By David F. Rooney
Just how green will Revelstoke become over the coming months? Council has, in general, certainly made the right noises, but the acid test — creation and passage of a bylaw to ban the city-wide use of cosmetic chemical pesticides — is yet to come.
Council has set Aug. 10 as the date by which staff must report back to it with bylaw options. And while that is a couple of months away, forces beyond the city’s boundaries are already beginning to muster and exert not-so-subtle pressures on the community to either stop the bylaw in its tracks or to water it down to the point that it is toothless.
Cosmetic chemical pesticides are — broadly speaking — those poisons that kill unwanted vegetation, insects, rodents and other unwanted life forms. However, what groups such as the North Columbia Environmental Society, Pesticide Free BC, the Canadian Cancer Society and the Canadian Association of Physicians for the Environment are most specifically concerned about are the weed-killers people apply to their lawns and gardens.
It’s not hard to see why. The poisons people have been using on their lawns and gardens are strongly suspected of causing a wide variety of cancers and, most recently, of being associated with increased risk of Attention-Deficit Hyperactivity Disorder (ADHD) in children (click here to read the Science Daily story, complete with references).
“Pesticides looked like a great idea at the time but now we know better,” says Dr. Warren Bell, former president of the Canadian Association of Physicians for the Environment.
Chemical pesticides were viewed as an industrial boon that would rid us of disease vectors such as mosquitoes and fleas and that would protest our crops from viruses and other plant diseases, fungi and voracious insects. But the dream of better living through chemistry has since become a nightmare as scientists document the way chemical contamination ravages the natural world — and people.
Bell said repeated studies in Canada, the United States and abroad over the last two decades have consistently shown a strong link between chemical pesticides and non-Hodgkin’s lymphomas (NHL). These are blood cancers that are treated by combinations of chemotherapy, monoclonal antibodies, immunotherapy, radiation, and hematopoietic stem cell transplantation. Here’s what the US National Library of Medicine at the National Institutes of Health said about the link:
“The incidence of non-Hodgkin’s lymphoma (NHL) has increased over 50% in the last 15 years. While small increases in risk of NHL among farmers have been observed in general occupational surveys, recent studies focusing on specific pesticides have observed much larger risks. Frequent use of phenoxyacetic acid herbicides, in particular, 2,4-dichlorophenoxyacetic acid, has been associated with 2- to 8-fold increases of NHL in studies conducted in Sweden, Kansas, Nebraska, Canada, and elsewhere. Canine malignant lymphoma has also been associated with dog owner use of 2,4-dichlorophenoxyacetic acid and commercial lawn pesticide treatments. There are much fewer data linking NHL to other types of pesticides, but triazine herbicides, organophosphate insecticides, fungicides, and fumigants have also been associated with increased risk of NHL. Pesticide exposures are not limited to agricultural populations but are widespread in the general population through use on lawns, golf courses, rights-of-way, and elsewhere.
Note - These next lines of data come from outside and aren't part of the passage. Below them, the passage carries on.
Lemma form_sg_sq x : s x * s x = 1.
Proof.
case: kd N_even => [|/(_ erefl) /(ival_rev_ord x) [_ x_neq0]] /=; first by rewrite mulr1.
by rewrite -intrM -expr2 /isg sqr_sg x_neq0.
Qed.

Lemma form_sg_rev x : s (r x) = sigma * s x.
Proof.
case: kd N_even => [|/(_ erefl) /(ival_rev_ord x) [rev_x _]] /=; first by rewrite mulr1.
by rewrite /isg rev_x sgrN intrN mulN1r.
Qed.

Lemma form_sg_mul_rev x : s x * s (r x) = sigma.
Proof. by rewrite form_sg_rev mulrCA form_sg_sq mulr1. Qed.

Lemma mulJmxE (Y : 'M[CC]_N) a b : (J *m Y) a b = s a * Y (r a) b.
Proof.
rewrite mxE (big_only1 (r a)) ?JformE ?eqxx // => i neq_i _.
by rewrite JformE eq_sym (negbTE neq_i) mul0r.
Qed.

Lemma mulmxJE (Y : 'M[CC]_N) a b : (Y *m J) a b = Y a (r b) * s (r b).
Proof.
rewrite mxE (big_only1 (r b)) ?JformE ?rev_ordK ?eqxx // => i neq_i _.
by rewrite JformE rev_ord_eq (negbTE neq_i) mulr0.
Qed.

Lemma mulJJ : J *m J = sigma%:M.
Proof.
apply/matrixP => a b; rewrite mulJmxE JformE rev_ordK mxE.
by case: eqP => _; rewrite ?mulr0 ?mulr1n ?form_sg_mul_rev.
Qed.

Lemma mulmx_form_trmxE (M : 'M[CC]_N) y y' :
  (M *m J *m M^T) y y' = \sum_j M y j * s j * M y' (r j).
Proof.
rewrite mxE (reindex_inj (@rev_ord_inj N)) /=; apply: eq_bigr => j _.
by rewrite mulmxJE !mxE rev_ordK.
Qed.

Lemma Fmx_in_lie (i j : 'I_N) : in_lie kd (Fmx kd i j).
Proof.
apply/eqP/matrixP => a b.
rewrite [LHS]mxE mulmxJE mulJmxE [in RHS]mxE [(Fmx _ _ _)^T _ _]mxE /Fmx !mxE.
rewrite !(inj_eq (@rev_ord_inj N)) !rev_ord_eq -!mulnb !natrM.
have vanish1 : (b == r i)%:R * (a == j)%:R * (s (r b) - s a * eps kd i j) = 0 :> CC.
  case: (b =P r i) => [->|]; last by rewrite !mul0r.
  case: (a =P j) => [->|]; last by rewrite mulr0 mul0r.
  by rewrite rev_ordK eps_form_sg [s j * _]mulrCA form_sg_sq !mulr1 subrr mulr0.
have vanish2 : (b == j)%:R * (a == r i)%:R * (s a - eps kd i j * s (r b)) = 0 :> CC.
  case: (b =P j) => [->|]; last by rewrite !mul0r.
  case: (a =P r i) => [->|]; last by rewrite mulr0 mul0r.
  rewrite eps_form_sg -[s i * s j * _]mulrA form_sg_mul_rev form_sg_rev.
  by rewrite [sigma * _]mulrC subrr !mulr0.
by rewrite -[RHS](addr0 0) -{1}vanish1 -vanish2; ring.
Qed.

End Form.

Lemma sum_pair (V : nmodType) (I J : finType) (F : I * J -> V) :
  \sum_ij F ij = \sum_i \sum_j F (i, j).
Proof. by rewrite pair_bigA; apply: eq_bigr => -[]. Qed.

Lemma sum_scale_FmxE kd N (c : 'I_N * 'I_N -> CC) (a b : 'I_N) :
  (\sum_kl c kl *: Fmx kd kl.1 kl.2) a b =
  c (a, b) - eps kd (rev_ord b) (rev_ord a) * c (rev_ord b, rev_ord a).
Proof.
rewrite summxE; under eq_bigr do rewrite !mxE mulrBr mulrCA.
rewrite sumrB (big_only1 (a, b)) ?(big_only1 (rev_ord b, rev_ord a)) //=.
- by rewrite !rev_ordK !eqxx !mulr1.
- move=> [k l] /= neq_kl _; suff /negbTE -> : ~~ ((a == rev_ord l) && (b == rev_ord k)).
    by rewrite !mulr0.
  by apply: contra neq_kl => /andP [/eqP -> /eqP ->]; rewrite !rev_ordK.
- move=> [k l] /= neq_kl _; suff /negbTE -> : ~~ ((a == k) && (b == l)) by rewrite mulr0.
  by apply: contra neq_kl => /andP [/eqP <- /eqP <-].
Qed.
Since the use of pesticides, particularly phenoxy herbicides, has increased dramatically preceding and during the time period in which the incidence of NHL has increased, they could have contributed to the rising incidence of NHL.”
If you search the Government of Canada website using the keywords “non-Hodgkin’s lymphoma” and “pesticides” it will return more than 82,000 documents. One of them concerned a BC Cancer Agency study conducted in 2007 that showed a strong link between organochlorine pesticides and polychlorinated biphenyls (PCBs) and NHLs. This study predicted that, in 2007, an estimated 966 British Columbians would be diagnosed with non-Hodgkin’s lymphoma and 383 would die of it. One in 54 females and one in 44 males were expected to develop non-Hodgkin’s lymphoma during their lifetime. One in 119 females and one in 92 males were expected to die of non-Hodgkin’s lymphoma.
This is scary stuff. So what can we do about it?
CAPE would like to see all chemical pesticides banned, but that’s unlikely to happen anytime in the near future. Too much of our industry and infrastructure — agriculture, forestry, transportation, energy transmission and so on — depends on some use of chemical pesticides. But the cosmetic use of chemical poisons is a different story.
CAPE, the Canadian Cancer Society and environmental groups such as, locally, the North Columbia Environmental Society (NCES) want communities like Revelstoke to ban their use.
It sounds like a no-brainer. And for many people in our community it is. They refuse to purchase poisons for use on their gardens and lawns. We have all read or seen too many stories about toxins in our environment. Why add to the burden that is contaminating our environment?
But there are individuals and organizations that do not want communities to turn their backs on cosmetic pesticides. They are threatening and manipulative and have already touched base with people in our community.